Senate President Bob Burns and House Speaker Kirk Adams

Arizona Republic

June 8, 2009

Arizona’s economy has been severely impacted by the worldwide recession. The recent decline in commercial activity is reflected in the state’s record-setting budget shortfall as demands for government spending continue to outpace the economy’s ability to generate tax revenues.

The original budget signed by former Gov. Janet Napolitano for fiscal 2009 has had to be repaired several times and has left the new governor and state Legislature with severely limited options.

But to govern is to choose. Your elected leaders have chosen carefully and wisely to manage the state’s finances in a manner that prepares government agencies for the near-term realities of the state’s tax collections, while doing no harm to an ailing and fragile economy upon which state government relies.

The budget the legislative majority passed takes necessary action to reduce the size of government.
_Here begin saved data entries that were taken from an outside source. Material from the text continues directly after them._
(* Let $(G,R,\omega)$ be a metric RPP instance and $S$ an edge-minimizing Eulerian extension for it. Then every vertex $v\in V$ is incident to at most two edges of $S$ (counted with multiplicity).
   Context: An RPP instance is a triple $(G,R,\omega)$, where $G=(V,E)$ is an undirected multigraph, $\omega\colon E\to\mathbb{N}$ assigns weights (parallel edges have equal weight), and $R$ is a nonempty multiset of edges of $G$. The instance is metric if $G$ contains an edge between any two vertices and the weights satisfy the triangle inequality $\omega(\{u,w\})\le\omega(\{u,v\})+\omega(\{v,w\})$ for all $u,v,w\in V$. For a multiset $X$ of edges: - $\omega(X)$ and $|X|$ are the weight and cardinality counted with multiplicity; - $V(X)$ is the set of vertices incident to edges of $X$; - $G\langle X\rangle=(V(X),X)$ is the multigraph formed by $X$ (no isolated vertices); - $\uplus$ denotes multiset sum. A vertex is balanced in a multigraph if its degree is even (a loop counts 2), and imbalanced otherwise. A multigraph without isolated vertices is Eulerian if it is connected and all vertices are balanced. An Eulerian extension for $(G,R,\omega)$ is a multiset $S$ of edges of $G$ such that $G\langle R\uplus S\rangle$ is Eulerian. It is edge-minimizing if there is no Eulerian extension $S'$ with $|S'|<|S|$ and $\omega(S')\le\omega(S)$. *)

From mathcomp Require Import all_boot.
Set Implicit Arguments. Unset Strict Implicit. Unset Printing Implicit Defensive.

(* An undirected multigraph G = (V,E): V and E finite types, each edge e has
   two endpoints [ends e] (an ordered pair used as an unordered pair; a loop
   has both components equal).
   Multisets of edges are sequences (order irrelevant): cardinality = size,
   multiset sum = concatenation. *)

Section RPP.
Variables (V E : finType) (ends : E -> V * V) (w : E -> nat).

Definition joins (e : E) (u v : V) : bool :=
  (ends e == (u, v)) || (ends e == (v, u)).

Definition parallel_equal_weight : Prop :=
  forall e f : E, joins e (ends f).1 (ends f).2 -> w e = w f.

Definition weight (X : seq E) : nat := \sum_(e <- X) w e.

Definition incident (e : E) (v : V) : bool :=
  ((ends e).1 == v) || ((ends e).2 == v).

(* degree of v in G<X>; a loop counts 2 *)
Definition degree (X : seq E) (v : V) : nat :=
  \sum_(e <- X) (((ends e).1 == v) + ((ends e).2 == v)).

Definition inVX (X : seq E) (v : V) : bool := has (fun e => incident e v) X.

Definition adjX (X : seq E) : rel V := fun u v => has (fun e => joins e u v) X.

Definition eulerian (X : seq E) : Prop :=
  (forall u v, inVX X u -> inVX X v -> connect (adjX X) u v) /\
  (forall v, inVX X v -> ~~ odd (degree X v)).

Definition eulerian_extension (R S : seq E) : Prop := eulerian (R ++ S).

Definition edge_minimizing (R S : seq E) : Prop :=
  eulerian_extension R S /\
  ~ (exists S' : seq E, eulerian_extension R S' /\
       size S' < size S /\ weight S' <= weight S).

Definition metric : Prop :=
  (forall u v : V, u != v -> exists e : E, joins e u v) /\
  (forall (u v x : V) (e1 e2 e3 : E),
      joins e1 u x -> joins e2 u v -> joins e3 v x -> w e1 <= w e2 + w e3).

End RPP.

From mathcomp Require Import all_boot zify.
Set Implicit Arguments. Unset Strict Implicit. Unset Printing Implicit Defensive.

(* Suppose e1, e2, e3 in S are incident to v, with opposite endpoints a1, a2,
   a3, and let Y be the rest of R ⊎ S.  A handshake argument in the connected
   component of v in G<Y> (degree sums over a component are even, while
   R ⊎ S is balanced and the three edges add an odd amount 3 at v) shows that
   some a_i, say a1, is already connected to v in G<Y>.  Then e1 and e2 can be
   replaced by a "bypass" of a1 and a2: nothing if a1 = a2, and otherwise the
   metric edge a1a2, which by the triangle inequality weighs at most
   w(e1) + w(e2).  The bypass keeps all parities and, since v ~ a1 in G<Y>,
   connectivity; it yields a strictly smaller, no heavier extension. *)

Section Multigraph.
Variables (V E : finType) (ends : E -> V * V).

(* The endpoint of [e] other than [v] (meaningful when [e] is incident to [v]). *)
Definition opposite (v : V) (e : E) : V :=
  if (ends e).1 == v then (ends e).2 else (ends e).1.

Lemma joins_opposite e v :
  incident ends e v -> joins ends e v (opposite v e).
Proof.
rewrite /incident /joins /opposite; case: (ends e) => x y /=.
by case: eqP => [->|_] /= => [|/eqP->]; rewrite eqxx ?orbT.
Qed.

Lemma joins_degree e x y u :
  joins ends e x y ->
  ((ends e).1 == u) + ((ends e).2 == u) = (x == u) + (y == u).
Proof.
by rewrite /joins; case: (ends e) => a b /orP[] /eqP [-> ->] //=; rewrite addnC.
Qed.

Lemma joins_incident e x y u :
  joins ends e x y -> incident ends e u = (x == u) || (y == u).
Proof.
by rewrite /joins /incident; case: (ends e) => a b /orP[] /eqP [-> ->] //=;
  rewrite orbC.
Qed.

Lemma joins_same_ends e x y a b :
  joins ends e x y -> joins ends e a b ->
  (a = x /\ b = y) \/ (a = y /\ b = x).
Proof.
rewrite /joins; case: (ends e) => p q.
by case/orP => /eqP [-> ->] /orP[] /eqP [-> ->]; tauto.
Qed.

Lemma joins_adjX X e a b : e \in X -> joins ends e a b -> adjX ends X a b.
Proof. by move=> eX jab; apply/hasP; exists e. Qed.

Lemma degree_cat A B u : degree ends (A ++ B) u = degree ends A u + degree ends B u.
Proof. by rewrite /degree big_cat. Qed.

Lemma degree_cons e A u :
  degree ends (e :: A) u = ((ends e).1 == u) + ((ends e).2 == u) + degree ends A u.
Proof. by rewrite /degree big_cons. Qed.

Lemma inVX_cat A B u : inVX ends (A ++ B) u = inVX ends A u || inVX ends B u.
Proof. exact: has_cat. Qed.

(* In an Eulerian multigraph every vertex of V has even degree (isolated
   vertices have degree 0). *)
Lemma eulerian_degree_even X u : eulerian ends X -> ~~ odd (degree ends X u).
Proof.
move=> [_ balanced]; case Xu: (inVX ends X u); first exact: balanced.
move/negbT/hasPn: Xu => isolated; rewrite /degree big_seq big1 // => e /isolated.
by rewrite /incident negb_or => /andP[/negPf -> /negPf ->].
Qed.

Lemma eulerian_perm X Y : perm_eq X Y -> eulerian ends X -> eulerian ends Y.
Proof.
move=> pXY [conn bal]; have sameXY := perm_mem pXY.
have VXY u : inVX ends Y u = inVX ends X u by apply: eq_has_r.
have adjXY : adjX ends Y =2 adjX ends X by move=> a b; apply: eq_has_r.
split=> [u v|v]; rewrite !VXY; first by rewrite (eq_connect adjXY); exact: conn.
by rewrite /degree -(perm_big _ pXY); exact: bal.
Qed.

Lemma adjX_sym X : symmetric (adjX ends X).
Proof. by move=> u v; apply: eq_has => e; rewrite /joins orbC. Qed.

Lemma connectC X a b : connect (adjX ends X) a b = connect (adjX ends X) b a.
Proof. exact: (sym_connect_sym (adjX_sym X)). Qed.

Lemma connect_subset A B a b :
  {subset A <= B} -> connect (adjX ends A) a b -> connect (adjX ends B) a b.
Proof.
move=> sAB; apply: connect_sub => x y /hasP[g gA jg].
by apply: connect1; apply: joins_adjX (sAB _ gA) jg.
Qed.

Lemma eulerian_replace X X' :
  eulerian ends X ->
  (forall u, inVX ends X' u -> inVX ends X u) ->
  (forall u, odd (degree ends X' u) = odd (degree ends X u)) ->
  (forall a b, adjX ends X a b -> connect (adjX ends X') a b) ->
  eulerian ends X'.
Proof.
move=> [conn bal] sub par adj; split=> [u v /sub Xu /sub Xv|v /sub Xv].
  by move: (conn u v Xu Xv); apply: connect_sub.
by rewrite par; exact: bal.
Qed.

Lemma sum_indicator (T : finType) (P : pred T) (x : T) :
  \sum_(u | P u) (x == u) = P x.
Proof.
case Px: (P x).
  by rewrite (bigD1 x) //= eqxx big1 // => u /andP[_]; rewrite eq_sym => /negPf ->.
by rewrite big1 // => u Pu; case: eqP => // xu; move: Px; rewrite xu Pu.
Qed.

(* Handshake lemma for a connected component: its degree sum is even, since
   both endpoints of each edge lie in the same component. *)
Lemma handshake_component X x :
  ~~ odd (\sum_(u | connect (adjX ends X) x u) degree ends X u).
Proof.
set C := connect (adjX ends X) x.
have -> : \sum_(u | C u) degree ends X u = \sum_(e <- X) (C (ends e).1).*2.
  rewrite /degree exchange_big /= big_seq [RHS]big_seq; apply: eq_bigr => e eX.
  rewrite big_split /= !sum_indicator -addnn.
  have adj_e : adjX ends X (ends e).1 (ends e).2.
    by apply: joins_adjX eX _; rewrite /joins -surjective_pairing eqxx.
  suff -> : C (ends e).2 = C (ends e).1 by [].
  have adj_e' : connect (adjX ends X) (ends e).2 (ends e).1.
    by rewrite connectC; exact: connect1.
  by apply/idP/idP => Ce;
    [exact: connect_trans Ce adj_e' | exact: connect_trans Ce (connect1 adj_e)].
by rewrite -(big_morph double doubleD (erefl 0.*2)) odd_double.
Qed.

Lemma degree_star Z v u :
  all (fun e => incident ends e v) Z ->
  degree ends Z u = \sum_(e <- Z) ((v == u) + (opposite v e == u)).
Proof.
move=> /allP incZ; rewrite /degree big_seq [RHS]big_seq; apply: eq_bigr => e eZ.
exact: joins_degree (joins_opposite (incZ e eZ)).
Qed.

(* If Y ⊎ Z is Eulerian and Z is an odd star at [v], then some edge of Z leads
   from [v] to a vertex already connected to [v] in G<Y>: otherwise the degree
   sum of Y ⊎ Z over the component of [v] in G<Y> would be odd. *)
Lemma odd_star_reaches Y Z v :
  all (fun e => incident ends e v) Z -> odd (size Z) -> eulerian ends (Y ++ Z) ->
  has (fun e => connect (adjX ends Y) v (opposite v e)) Z.
Proof.
move=> incZ oddZ eul; apply/negPn/negP => /hasPn unreached.
set C := connect (adjX ends Y) v.
have even_sum : ~~ odd (\sum_(u | C u) degree ends (Y ++ Z) u).
  apply: (big_ind (fun n => ~~ odd n)) => // [m n em en|u _].
    by rewrite oddD (negPf em) (negPf en).
  exact: eulerian_degree_even.
have star_sum : \sum_(u | C u) degree ends Z u = size Z.
  rewrite (eq_bigr _ (fun u _ => degree_star u incZ)) exchange_big /= -sum1_size.
  rewrite big_seq [RHS]big_seq; apply: eq_bigr => e eZ.
  by rewrite big_split /= !sum_indicator /C connect0 (negPf (unreached e eZ)).
move: even_sum; rewrite (eq_bigr _ (fun u _ => degree_cat Y Z u)) big_split /=.
by rewrite star_sum oddD oddZ (negPf (handshake_component Y v)).
Qed.

(* [Y] can stand in for a path a1 - v - a2: it changes parities exactly at
   [a1] and [a2], uses no other vertex, and connects [a1] to [a2]. *)
Definition bypass (a1 a2 : V) (Y : seq E) : Prop :=
  [/\ forall u, odd (degree ends Y u) = odd ((a1 == u) + (a2 == u)),
      forall u, inVX ends Y u -> (a1 == u) || (a2 == u)
    & connect (adjX ends Y) a1 a2].

Lemma eulerian_splice R T Y e1 e2 v a1 a2 :
  joins ends e1 v a1 -> joins ends e2 v a2 -> bypass a1 a2 Y ->
  connect (adjX ends (R ++ T)) v a1 ->
  eulerian ends (R ++ e1 :: e2 :: T) -> eulerian ends (R ++ Y ++ T).
Proof.
move=> j1 j2 [Ypar Yverts Yconn] va1 eul; apply: (eulerian_replace eul).
- move=> u; rewrite !inVX_cat => /or3P[Ru|/Yverts a12u|Tu]; rewrite ?Ru //.
  + apply/orP; right; apply/hasP.
    by case/orP: a12u => au; [exists e1 | exists e2];
      rewrite ?inE ?eqxx ?orbT // (joins_incident _ j1, joins_incident _ j2) au orbT.
  + by apply/orP; right; case/hasP: Tu => g gT ig; apply/hasP; exists g;
      rewrite ?inE ?gT ?orbT.
- move=> u; rewrite !degree_cat !degree_cons (joins_degree _ j1) (joins_degree _ j2).
  have -> : degree ends R u + ((v == u) + (a1 == u) + ((v == u) + (a2 == u)
      + degree ends T u)) = degree ends R u + ((a1 == u) + (a2 == u))
      + degree ends T u + 2 * (v == u) by lia.
  by rewrite [odd (_ + 2 * _)]oddD oddM addbF !oddD Ypar oddD !addbA.
- have subRT : {subset R ++ T <= R ++ Y ++ T}.
    by move=> g; rewrite !mem_cat => /orP[]->; rewrite ?orbT.
  have subY : {subset Y <= R ++ Y ++ T} by move=> g gY; rewrite !mem_cat gY orbT.
  have va1' := connect_subset subRT va1.
  have a12 := connect_subset subY Yconn.
  move=> a b /hasP[g]; rewrite mem_cat !inE => /or4P[gR|/eqP->|/eqP->|gT] jg.
  + by apply: connect1; apply: joins_adjX jg; rewrite mem_cat gR.
  + by case: (joins_same_ends j1 jg) => [[-> ->]|[-> ->]]; rewrite // connectC.
  + have va2 := connect_trans va1' a12.
    by case: (joins_same_ends j2 jg) => [[-> ->]|[-> ->]]; rewrite // connectC.
  + by apply: connect1; apply: joins_adjX jg; rewrite !mem_cat gT !orbT.
Qed.

End Multigraph.

Section Metric.
Variables (V E : finType) (ends : E -> V * V) (w : E -> nat).
Hypothesis metric_w : metric ends w.

(* In a metric instance, a path a1 - v - a2 has a bypass with at most one
   edge and no larger weight: empty if a1 = a2, else the edge a1 a2. *)
Lemma bypass_exists e1 e2 v a1 a2 :
  joins ends e1 v a1 -> joins ends e2 v a2 ->
  exists Y, bypass ends a1 a2 Y /\ size Y < 2 /\ weight w Y <= w e1 + w e2.
Proof.
move=> j1 j2; have [complete triangle] := metric_w.
case: (eqVneq a1 a2) => [<-|a12].
  exists [::]; split; last by rewrite /weight big_nil.
  split=> [u|//|]; last exact: connect0.
  by rewrite /degree big_nil addnn odd_double.
have [f jf] := complete _ _ a12.
exists [:: f]; split; last split=> //.
  split=> [u|u|]; last by apply: connect1; apply: joins_adjX jf; rewrite mem_head.
    by rewrite degree_cons (joins_degree _ jf) /degree big_nil addn0.
  by rewrite /inVX /= orbF (joins_incident _ jf).
rewrite /weight big_cons big_nil addn0; apply: (triangle a1 v a2) => //.
by rewrite /joins orbC.
Qed.

Lemma shortcut_pair R T e1 e2 v :
  incident ends e1 v -> incident ends e2 v ->
  connect (adjX ends (R ++ T)) v (opposite ends v e1) ->
  eulerian ends (R ++ e1 :: e2 :: T) ->
  exists Y, eulerian ends (R ++ Y ++ T) /\ size Y < 2 /\
            weight w Y <= w e1 + w e2.
Proof.
move=> /joins_opposite j1 /joins_opposite j2 reach eul.
have [Y [bY [sY wY]]] := bypass_exists j1 j2.
by exists Y; split=> //; apply: eulerian_splice j1 j2 bY reach eul.
Qed.

End Metric.

Lemma three_satisfying (T : eqType) (p : pred T) (s : seq T) :
  2 < count p s ->
  exists Z rest, [/\ perm_eq s (Z ++ rest), size Z = 3 & all p Z].
Proof.
move=> three; exists (take 3 (filter p s)), (drop 3 (filter p s) ++ filter (predC p) s).
split; last by apply/allP => x /mem_take; rewrite mem_filter => /andP[].
  by rewrite catA cat_take_drop perm_sym perm_filterC.
by rewrite size_takel // size_filter.
Qed.

Theorem mainTheorem7 (V E : finType) (ends : E -> V * V) (w : E -> nat)
  (R S : seq E) :
  parallel_equal_weight ends w ->
  R != [::] ->
  metric ends w ->
  edge_minimizing ends w R S ->
  forall v : V, count (fun e => incident ends e v) S <= 2.
Proof.
move=> _ _ metric_w [eulS minS] v; rewrite leqNgt; apply/negP => /three_satisfying.
case=> Z [rest [SZ sizeZ incZ]].
have eulZ : eulerian ends ((R ++ rest) ++ Z).
  by apply: eulerian_perm eulS; rewrite -catA perm_cat2l (permPl SZ) perm_catC.
have oddZ : odd (size Z) by rewrite sizeZ.
have /hasP[e eZ reach] := odd_star_reaches incZ oddZ eulZ.
have [f fZ'] : exists f, f \in rem e Z.
  move: (size_rem eZ); rewrite sizeZ.
  by case: (rem e Z) => // f ? _; exists f; rewrite mem_head.
set T := rem f (rem e Z) ++ rest.
have ST : perm_eq S [:: e, f & T].
  have Zef : perm_eq Z [:: e, f & rem f (rem e Z)].
    by rewrite (permPl (perm_to_rem eZ)) perm_cons perm_to_rem.
  by apply: perm_trans SZ _; rewrite /T -!cat_cons perm_cat2r.
have inc g : g \in Z -> incident ends g v by move=> gZ; exact: (allP incZ).
have [Y [eulY [sizeY weightY]]] : exists Y, eulerian ends (R ++ Y ++ T) /\
    size Y < 2 /\ weight w Y <= w e + w f.
  apply: (shortcut_pair metric_w (inc _ eZ) (inc _ (mem_rem fZ'))).
    by apply: connect_subset reach => g; rewrite !mem_cat => /orP[]->; rewrite ?orbT.
  by apply: eulerian_perm eulS; rewrite perm_cat2l.
have weightS : weight w S = w e + w f + weight w T.
  by rewrite /weight (perm_big _ ST) !big_cons /= addnA.
have weightYT : weight w (Y ++ T) = weight w Y + weight w T by rewrite /weight big_cat.
apply: minS; exists (Y ++ T); split; first exact: eulY.
rewrite (perm_size ST) size_cat weightS weightYT /= -addn2 addnC ltn_add2l.
by rewrite leq_add2r.
Qed.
Like employers and households across Arizona, state government has to tighten its belt and prepare for what may very well be a long recession and slow recovery.

Opponents of the majority budget say it will decimate state services and education. This is simply not true. Our budget tackles the structural deficit without raising taxes, while continuing to fund essential state services and education out of the general fund. Our budget also directs additional funding toward those services and education with federal stimulus dollars.

The legislative-majority budget allows the state to operate at nearly 95 percent of its funding levels from fiscal 2009. Arizona households and employers have already adjusted their spending levels to deal with the poor economy more significantly than 5 percent. Families and businesses have had to do more with less. Government must, too.

We have taken measured steps toward significant tax reform and improved our potential for recovery by prospectively addressing excessive commercial and agricultural property taxes.

We avoided a property-tax increase that was intentionally programmed to reappear on taxpayers’ property-tax statements this fall. Raising taxes now will only exacerbate the situation, and we find it unconscionable to ask the people of this state to endure a tax increase on top of these already crippling economic times.

Clearly, the state’s deficit has hit historic lows, with only bad and worse solutions to balance the state budget. With so few options, we can learn from California, where voters refused a tax increase to help balance their budget, opting instead for further cuts to government programs.

Or look to Washington state, where they balanced their budget by cutting $4 billion in government spending over two years. In both states – and with a Democratic majority – voters and lawmakers alike recognized new taxes do not solve their budget problems.

We have long contended there have been no easy choices as we balanced this budget, but our solution is the best for Arizona.